The task » Among the lines below, copy exactly those from the one with "- pose proof (ln_le_minus_1 (y" through the one with "apply is_lim_scal_l, is_lim_ln_p.", counting both ends.

Input data »
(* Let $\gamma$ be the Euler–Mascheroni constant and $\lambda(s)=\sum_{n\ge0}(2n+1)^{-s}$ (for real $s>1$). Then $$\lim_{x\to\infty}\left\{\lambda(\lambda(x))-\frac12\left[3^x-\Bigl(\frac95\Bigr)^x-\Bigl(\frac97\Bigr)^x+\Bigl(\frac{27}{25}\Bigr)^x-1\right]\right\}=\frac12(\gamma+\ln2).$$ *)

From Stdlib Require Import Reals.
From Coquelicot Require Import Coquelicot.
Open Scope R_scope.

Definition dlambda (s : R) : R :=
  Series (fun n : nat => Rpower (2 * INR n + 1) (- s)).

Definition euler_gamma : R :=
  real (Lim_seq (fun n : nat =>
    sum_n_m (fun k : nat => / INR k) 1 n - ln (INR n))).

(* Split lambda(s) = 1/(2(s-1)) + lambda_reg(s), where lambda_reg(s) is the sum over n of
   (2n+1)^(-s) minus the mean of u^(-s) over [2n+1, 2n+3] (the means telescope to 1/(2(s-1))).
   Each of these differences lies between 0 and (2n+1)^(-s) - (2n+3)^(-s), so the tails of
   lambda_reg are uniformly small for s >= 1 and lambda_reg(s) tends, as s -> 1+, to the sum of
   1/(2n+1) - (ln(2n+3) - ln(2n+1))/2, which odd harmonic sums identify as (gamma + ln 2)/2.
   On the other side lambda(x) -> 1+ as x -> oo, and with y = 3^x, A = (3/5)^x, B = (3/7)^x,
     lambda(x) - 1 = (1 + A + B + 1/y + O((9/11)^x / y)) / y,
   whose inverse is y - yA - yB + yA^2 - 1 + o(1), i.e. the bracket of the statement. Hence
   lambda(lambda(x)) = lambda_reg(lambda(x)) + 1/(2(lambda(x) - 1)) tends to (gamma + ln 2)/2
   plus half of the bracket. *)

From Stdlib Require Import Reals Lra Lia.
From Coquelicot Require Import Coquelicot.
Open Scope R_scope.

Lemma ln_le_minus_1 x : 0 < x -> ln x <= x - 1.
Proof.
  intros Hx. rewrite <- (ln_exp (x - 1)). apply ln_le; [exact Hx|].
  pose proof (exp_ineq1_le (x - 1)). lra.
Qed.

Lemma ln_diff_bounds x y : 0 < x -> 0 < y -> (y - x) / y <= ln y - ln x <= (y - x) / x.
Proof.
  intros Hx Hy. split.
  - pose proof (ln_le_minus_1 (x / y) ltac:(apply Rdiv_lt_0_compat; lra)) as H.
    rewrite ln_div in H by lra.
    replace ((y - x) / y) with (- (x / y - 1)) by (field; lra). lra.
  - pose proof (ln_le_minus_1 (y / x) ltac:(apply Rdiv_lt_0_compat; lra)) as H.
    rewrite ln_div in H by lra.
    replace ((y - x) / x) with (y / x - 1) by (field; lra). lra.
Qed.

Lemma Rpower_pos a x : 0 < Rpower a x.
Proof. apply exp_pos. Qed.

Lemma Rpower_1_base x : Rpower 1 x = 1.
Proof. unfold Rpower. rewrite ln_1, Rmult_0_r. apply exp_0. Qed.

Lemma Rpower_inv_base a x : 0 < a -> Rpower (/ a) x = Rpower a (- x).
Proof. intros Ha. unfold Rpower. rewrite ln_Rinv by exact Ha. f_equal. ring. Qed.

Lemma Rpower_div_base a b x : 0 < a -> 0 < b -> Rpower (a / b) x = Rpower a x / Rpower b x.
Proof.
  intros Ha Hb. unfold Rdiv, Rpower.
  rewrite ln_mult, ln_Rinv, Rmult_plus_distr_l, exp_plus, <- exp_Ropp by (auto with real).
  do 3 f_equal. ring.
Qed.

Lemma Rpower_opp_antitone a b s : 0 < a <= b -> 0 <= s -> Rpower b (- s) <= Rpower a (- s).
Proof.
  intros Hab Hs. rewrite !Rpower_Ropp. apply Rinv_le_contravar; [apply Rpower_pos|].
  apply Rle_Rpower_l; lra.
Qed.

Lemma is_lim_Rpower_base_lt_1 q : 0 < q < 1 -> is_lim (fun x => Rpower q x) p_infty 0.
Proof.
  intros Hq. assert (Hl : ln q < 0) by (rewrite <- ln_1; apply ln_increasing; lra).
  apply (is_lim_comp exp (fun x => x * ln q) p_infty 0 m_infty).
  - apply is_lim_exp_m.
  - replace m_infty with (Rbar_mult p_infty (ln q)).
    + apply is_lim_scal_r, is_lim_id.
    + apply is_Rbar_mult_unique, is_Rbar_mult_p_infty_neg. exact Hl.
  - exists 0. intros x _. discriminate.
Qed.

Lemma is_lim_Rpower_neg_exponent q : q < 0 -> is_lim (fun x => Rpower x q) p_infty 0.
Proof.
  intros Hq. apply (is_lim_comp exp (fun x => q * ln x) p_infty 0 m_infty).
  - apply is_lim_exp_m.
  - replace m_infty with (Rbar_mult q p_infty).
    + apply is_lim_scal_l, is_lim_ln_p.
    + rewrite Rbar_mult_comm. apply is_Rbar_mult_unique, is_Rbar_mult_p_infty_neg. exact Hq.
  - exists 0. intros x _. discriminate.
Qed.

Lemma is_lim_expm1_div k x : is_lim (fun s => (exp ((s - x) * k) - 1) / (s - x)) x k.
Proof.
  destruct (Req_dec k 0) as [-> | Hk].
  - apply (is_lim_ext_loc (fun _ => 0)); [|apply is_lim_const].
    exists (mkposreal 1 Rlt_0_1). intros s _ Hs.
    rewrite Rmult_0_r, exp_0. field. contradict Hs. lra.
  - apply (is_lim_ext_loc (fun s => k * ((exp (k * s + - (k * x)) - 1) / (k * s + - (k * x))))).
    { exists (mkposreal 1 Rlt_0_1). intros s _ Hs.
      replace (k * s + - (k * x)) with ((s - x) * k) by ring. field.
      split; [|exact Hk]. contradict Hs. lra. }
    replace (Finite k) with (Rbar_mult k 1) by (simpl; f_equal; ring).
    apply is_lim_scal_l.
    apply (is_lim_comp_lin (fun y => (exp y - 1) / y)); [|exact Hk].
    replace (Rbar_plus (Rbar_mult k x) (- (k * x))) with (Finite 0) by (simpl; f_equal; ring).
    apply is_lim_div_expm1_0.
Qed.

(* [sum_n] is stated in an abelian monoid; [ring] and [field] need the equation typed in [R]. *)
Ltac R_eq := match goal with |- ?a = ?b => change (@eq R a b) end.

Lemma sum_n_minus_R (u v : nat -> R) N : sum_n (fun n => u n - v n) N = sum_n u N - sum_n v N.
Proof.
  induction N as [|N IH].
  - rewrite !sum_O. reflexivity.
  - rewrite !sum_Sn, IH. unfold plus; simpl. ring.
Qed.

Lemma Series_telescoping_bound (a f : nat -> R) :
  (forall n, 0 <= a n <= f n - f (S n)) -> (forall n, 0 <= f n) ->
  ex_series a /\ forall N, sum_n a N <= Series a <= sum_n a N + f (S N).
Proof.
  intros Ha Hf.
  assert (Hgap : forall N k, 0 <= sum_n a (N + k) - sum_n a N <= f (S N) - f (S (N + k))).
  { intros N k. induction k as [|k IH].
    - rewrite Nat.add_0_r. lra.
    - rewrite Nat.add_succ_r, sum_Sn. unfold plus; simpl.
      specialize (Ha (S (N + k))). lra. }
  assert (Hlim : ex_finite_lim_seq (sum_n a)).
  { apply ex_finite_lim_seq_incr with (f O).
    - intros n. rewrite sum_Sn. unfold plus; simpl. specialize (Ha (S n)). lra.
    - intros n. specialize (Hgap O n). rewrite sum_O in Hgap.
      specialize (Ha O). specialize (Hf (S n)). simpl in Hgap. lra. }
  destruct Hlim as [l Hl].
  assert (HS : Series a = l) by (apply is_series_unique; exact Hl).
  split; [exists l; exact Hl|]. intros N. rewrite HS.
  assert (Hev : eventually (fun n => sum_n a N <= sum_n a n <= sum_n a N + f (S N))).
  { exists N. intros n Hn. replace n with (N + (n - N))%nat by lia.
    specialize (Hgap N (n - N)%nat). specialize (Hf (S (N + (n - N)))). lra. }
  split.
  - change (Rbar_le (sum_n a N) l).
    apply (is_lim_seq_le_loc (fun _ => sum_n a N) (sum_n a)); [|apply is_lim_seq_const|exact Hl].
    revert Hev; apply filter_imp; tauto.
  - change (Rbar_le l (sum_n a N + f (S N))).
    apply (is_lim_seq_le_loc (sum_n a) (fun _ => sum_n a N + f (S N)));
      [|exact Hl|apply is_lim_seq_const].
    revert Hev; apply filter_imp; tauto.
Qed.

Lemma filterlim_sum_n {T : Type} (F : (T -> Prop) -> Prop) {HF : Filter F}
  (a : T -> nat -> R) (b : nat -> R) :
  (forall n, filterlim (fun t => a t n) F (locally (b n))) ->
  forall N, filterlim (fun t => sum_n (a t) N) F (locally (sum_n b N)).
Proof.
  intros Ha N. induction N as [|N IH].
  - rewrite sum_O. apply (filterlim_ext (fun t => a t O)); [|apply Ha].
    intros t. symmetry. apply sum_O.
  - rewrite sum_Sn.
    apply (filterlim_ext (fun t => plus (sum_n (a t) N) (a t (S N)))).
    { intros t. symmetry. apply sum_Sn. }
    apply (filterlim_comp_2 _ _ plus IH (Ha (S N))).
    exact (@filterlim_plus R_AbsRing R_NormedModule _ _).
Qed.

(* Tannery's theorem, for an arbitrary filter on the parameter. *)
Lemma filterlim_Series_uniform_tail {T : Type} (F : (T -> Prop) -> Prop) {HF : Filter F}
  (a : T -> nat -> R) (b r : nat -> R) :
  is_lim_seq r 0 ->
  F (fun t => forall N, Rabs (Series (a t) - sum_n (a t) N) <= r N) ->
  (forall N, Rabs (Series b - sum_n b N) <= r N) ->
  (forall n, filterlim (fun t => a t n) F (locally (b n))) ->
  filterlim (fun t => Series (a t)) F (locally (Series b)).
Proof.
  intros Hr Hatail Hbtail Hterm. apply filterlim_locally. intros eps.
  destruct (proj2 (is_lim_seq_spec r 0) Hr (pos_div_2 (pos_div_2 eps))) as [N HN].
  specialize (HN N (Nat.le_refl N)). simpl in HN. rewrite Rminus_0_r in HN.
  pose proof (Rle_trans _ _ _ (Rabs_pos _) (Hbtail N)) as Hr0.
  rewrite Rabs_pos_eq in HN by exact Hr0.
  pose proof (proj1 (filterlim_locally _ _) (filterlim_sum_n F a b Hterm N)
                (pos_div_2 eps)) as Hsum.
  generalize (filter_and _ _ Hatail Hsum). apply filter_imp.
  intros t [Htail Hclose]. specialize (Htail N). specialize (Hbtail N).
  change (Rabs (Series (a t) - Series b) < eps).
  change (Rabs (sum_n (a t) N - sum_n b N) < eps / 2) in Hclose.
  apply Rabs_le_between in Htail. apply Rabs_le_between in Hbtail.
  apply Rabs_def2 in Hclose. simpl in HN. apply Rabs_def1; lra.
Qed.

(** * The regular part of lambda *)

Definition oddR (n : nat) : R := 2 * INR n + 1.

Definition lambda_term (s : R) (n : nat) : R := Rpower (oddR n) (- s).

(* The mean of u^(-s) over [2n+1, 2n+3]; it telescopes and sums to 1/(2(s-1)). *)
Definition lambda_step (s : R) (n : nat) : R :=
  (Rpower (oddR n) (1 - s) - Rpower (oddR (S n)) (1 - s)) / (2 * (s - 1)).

...

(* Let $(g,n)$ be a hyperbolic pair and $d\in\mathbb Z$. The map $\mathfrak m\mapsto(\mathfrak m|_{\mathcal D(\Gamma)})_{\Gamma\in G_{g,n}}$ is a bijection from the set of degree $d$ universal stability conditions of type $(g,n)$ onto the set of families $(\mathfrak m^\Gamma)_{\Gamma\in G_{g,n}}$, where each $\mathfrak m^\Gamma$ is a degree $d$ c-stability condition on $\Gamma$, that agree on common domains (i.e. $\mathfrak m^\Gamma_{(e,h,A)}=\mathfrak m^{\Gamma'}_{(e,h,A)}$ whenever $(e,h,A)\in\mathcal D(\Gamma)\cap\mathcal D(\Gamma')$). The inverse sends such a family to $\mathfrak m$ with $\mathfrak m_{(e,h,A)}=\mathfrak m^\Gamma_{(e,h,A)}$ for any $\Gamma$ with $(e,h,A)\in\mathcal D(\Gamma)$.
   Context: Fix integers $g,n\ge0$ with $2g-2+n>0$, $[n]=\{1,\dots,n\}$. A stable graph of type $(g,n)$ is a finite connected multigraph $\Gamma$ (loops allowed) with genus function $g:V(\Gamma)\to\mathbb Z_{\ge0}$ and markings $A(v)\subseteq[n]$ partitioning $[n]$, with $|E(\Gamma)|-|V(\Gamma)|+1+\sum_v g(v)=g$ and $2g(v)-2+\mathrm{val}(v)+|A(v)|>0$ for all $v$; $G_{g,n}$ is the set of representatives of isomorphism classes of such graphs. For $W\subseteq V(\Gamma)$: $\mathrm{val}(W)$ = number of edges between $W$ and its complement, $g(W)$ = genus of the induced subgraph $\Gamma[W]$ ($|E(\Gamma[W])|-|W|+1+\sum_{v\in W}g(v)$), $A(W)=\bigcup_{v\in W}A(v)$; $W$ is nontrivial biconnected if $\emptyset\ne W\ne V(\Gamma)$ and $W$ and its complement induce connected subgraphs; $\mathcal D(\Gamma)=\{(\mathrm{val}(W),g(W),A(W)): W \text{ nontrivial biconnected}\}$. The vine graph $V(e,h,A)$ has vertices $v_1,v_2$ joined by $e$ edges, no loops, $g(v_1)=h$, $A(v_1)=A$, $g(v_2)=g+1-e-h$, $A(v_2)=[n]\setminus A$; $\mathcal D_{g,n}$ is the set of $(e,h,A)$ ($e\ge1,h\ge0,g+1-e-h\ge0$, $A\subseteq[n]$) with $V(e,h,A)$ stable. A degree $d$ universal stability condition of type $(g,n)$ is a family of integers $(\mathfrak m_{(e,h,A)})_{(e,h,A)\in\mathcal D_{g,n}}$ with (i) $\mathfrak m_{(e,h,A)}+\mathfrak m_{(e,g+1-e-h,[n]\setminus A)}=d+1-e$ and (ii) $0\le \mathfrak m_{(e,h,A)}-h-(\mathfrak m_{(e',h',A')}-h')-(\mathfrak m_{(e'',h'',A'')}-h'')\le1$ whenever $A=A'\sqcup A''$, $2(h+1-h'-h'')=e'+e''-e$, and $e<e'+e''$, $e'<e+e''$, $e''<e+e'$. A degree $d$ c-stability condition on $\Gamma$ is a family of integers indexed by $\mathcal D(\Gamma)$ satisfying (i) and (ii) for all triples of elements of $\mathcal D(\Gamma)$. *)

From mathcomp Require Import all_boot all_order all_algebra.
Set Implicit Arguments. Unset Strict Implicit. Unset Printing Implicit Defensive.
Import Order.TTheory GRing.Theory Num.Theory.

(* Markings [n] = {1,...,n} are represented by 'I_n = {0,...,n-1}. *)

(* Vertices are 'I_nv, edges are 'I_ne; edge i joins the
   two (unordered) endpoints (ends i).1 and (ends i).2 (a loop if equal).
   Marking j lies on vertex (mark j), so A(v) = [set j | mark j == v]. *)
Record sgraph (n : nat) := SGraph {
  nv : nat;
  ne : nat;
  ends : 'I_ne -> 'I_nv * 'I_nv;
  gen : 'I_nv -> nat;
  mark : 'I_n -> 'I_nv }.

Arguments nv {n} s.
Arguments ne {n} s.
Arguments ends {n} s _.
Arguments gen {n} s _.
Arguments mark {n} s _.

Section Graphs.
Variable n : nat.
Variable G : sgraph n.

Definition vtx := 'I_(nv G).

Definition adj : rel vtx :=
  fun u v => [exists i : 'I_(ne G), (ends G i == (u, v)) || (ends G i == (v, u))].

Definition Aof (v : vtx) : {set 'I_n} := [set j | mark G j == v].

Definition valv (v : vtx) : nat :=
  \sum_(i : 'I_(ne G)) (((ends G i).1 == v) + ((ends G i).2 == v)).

Problem solution »
  - pose proof (ln_le_minus_1 (y / x) ltac:(apply Rdiv_lt_0_compat; lra)) as H.
    rewrite ln_div in H by lra.
    replace ((y - x) / x) with (y / x - 1) by (field; lra). lra.
Qed.

Lemma Rpower_pos a x : 0 < Rpower a x.
Proof. apply exp_pos. Qed.

Lemma Rpower_1_base x : Rpower 1 x = 1.
Proof. unfold Rpower. rewrite ln_1, Rmult_0_r. apply exp_0. Qed.

Lemma Rpower_inv_base a x : 0 < a -> Rpower (/ a) x = Rpower a (- x).
Proof. intros Ha. unfold Rpower. rewrite ln_Rinv by exact Ha. f_equal. ring. Qed.

Lemma Rpower_div_base a b x : 0 < a -> 0 < b -> Rpower (a / b) x = Rpower a x / Rpower b x.
Proof.
  intros Ha Hb. unfold Rdiv, Rpower.
  rewrite ln_mult, ln_Rinv, Rmult_plus_distr_l, exp_plus, <- exp_Ropp by (auto with real).
  do 3 f_equal. ring.
Qed.

Lemma Rpower_opp_antitone a b s : 0 < a <= b -> 0 <= s -> Rpower b (- s) <= Rpower a (- s).
Proof.
  intros Hab Hs. rewrite !Rpower_Ropp. apply Rinv_le_contravar; [apply Rpower_pos|].
  apply Rle_Rpower_l; lra.
Qed.

Lemma is_lim_Rpower_base_lt_1 q : 0 < q < 1 -> is_lim (fun x => Rpower q x) p_infty 0.
Proof.
  intros Hq. assert (Hl : ln q < 0) by (rewrite <- ln_1; apply ln_increasing; lra).
  apply (is_lim_comp exp (fun x => x * ln q) p_infty 0 m_infty).
  - apply is_lim_exp_m.
  - replace m_infty with (Rbar_mult p_infty (ln q)).
    + apply is_lim_scal_r, is_lim_id.
    + apply is_Rbar_mult_unique, is_Rbar_mult_p_infty_neg. exact Hl.
  - exists 0. intros x _. discriminate.
Qed.

Lemma is_lim_Rpower_neg_exponent q : q < 0 -> is_lim (fun x => Rpower x q) p_infty 0.
Proof.
  intros Hq. apply (is_lim_comp exp (fun x => q * ln x) p_infty 0 m_infty).
  - apply is_lim_exp_m.
  - replace m_infty with (Rbar_mult q p_infty).
    + apply is_lim_scal_l, is_lim_ln_p.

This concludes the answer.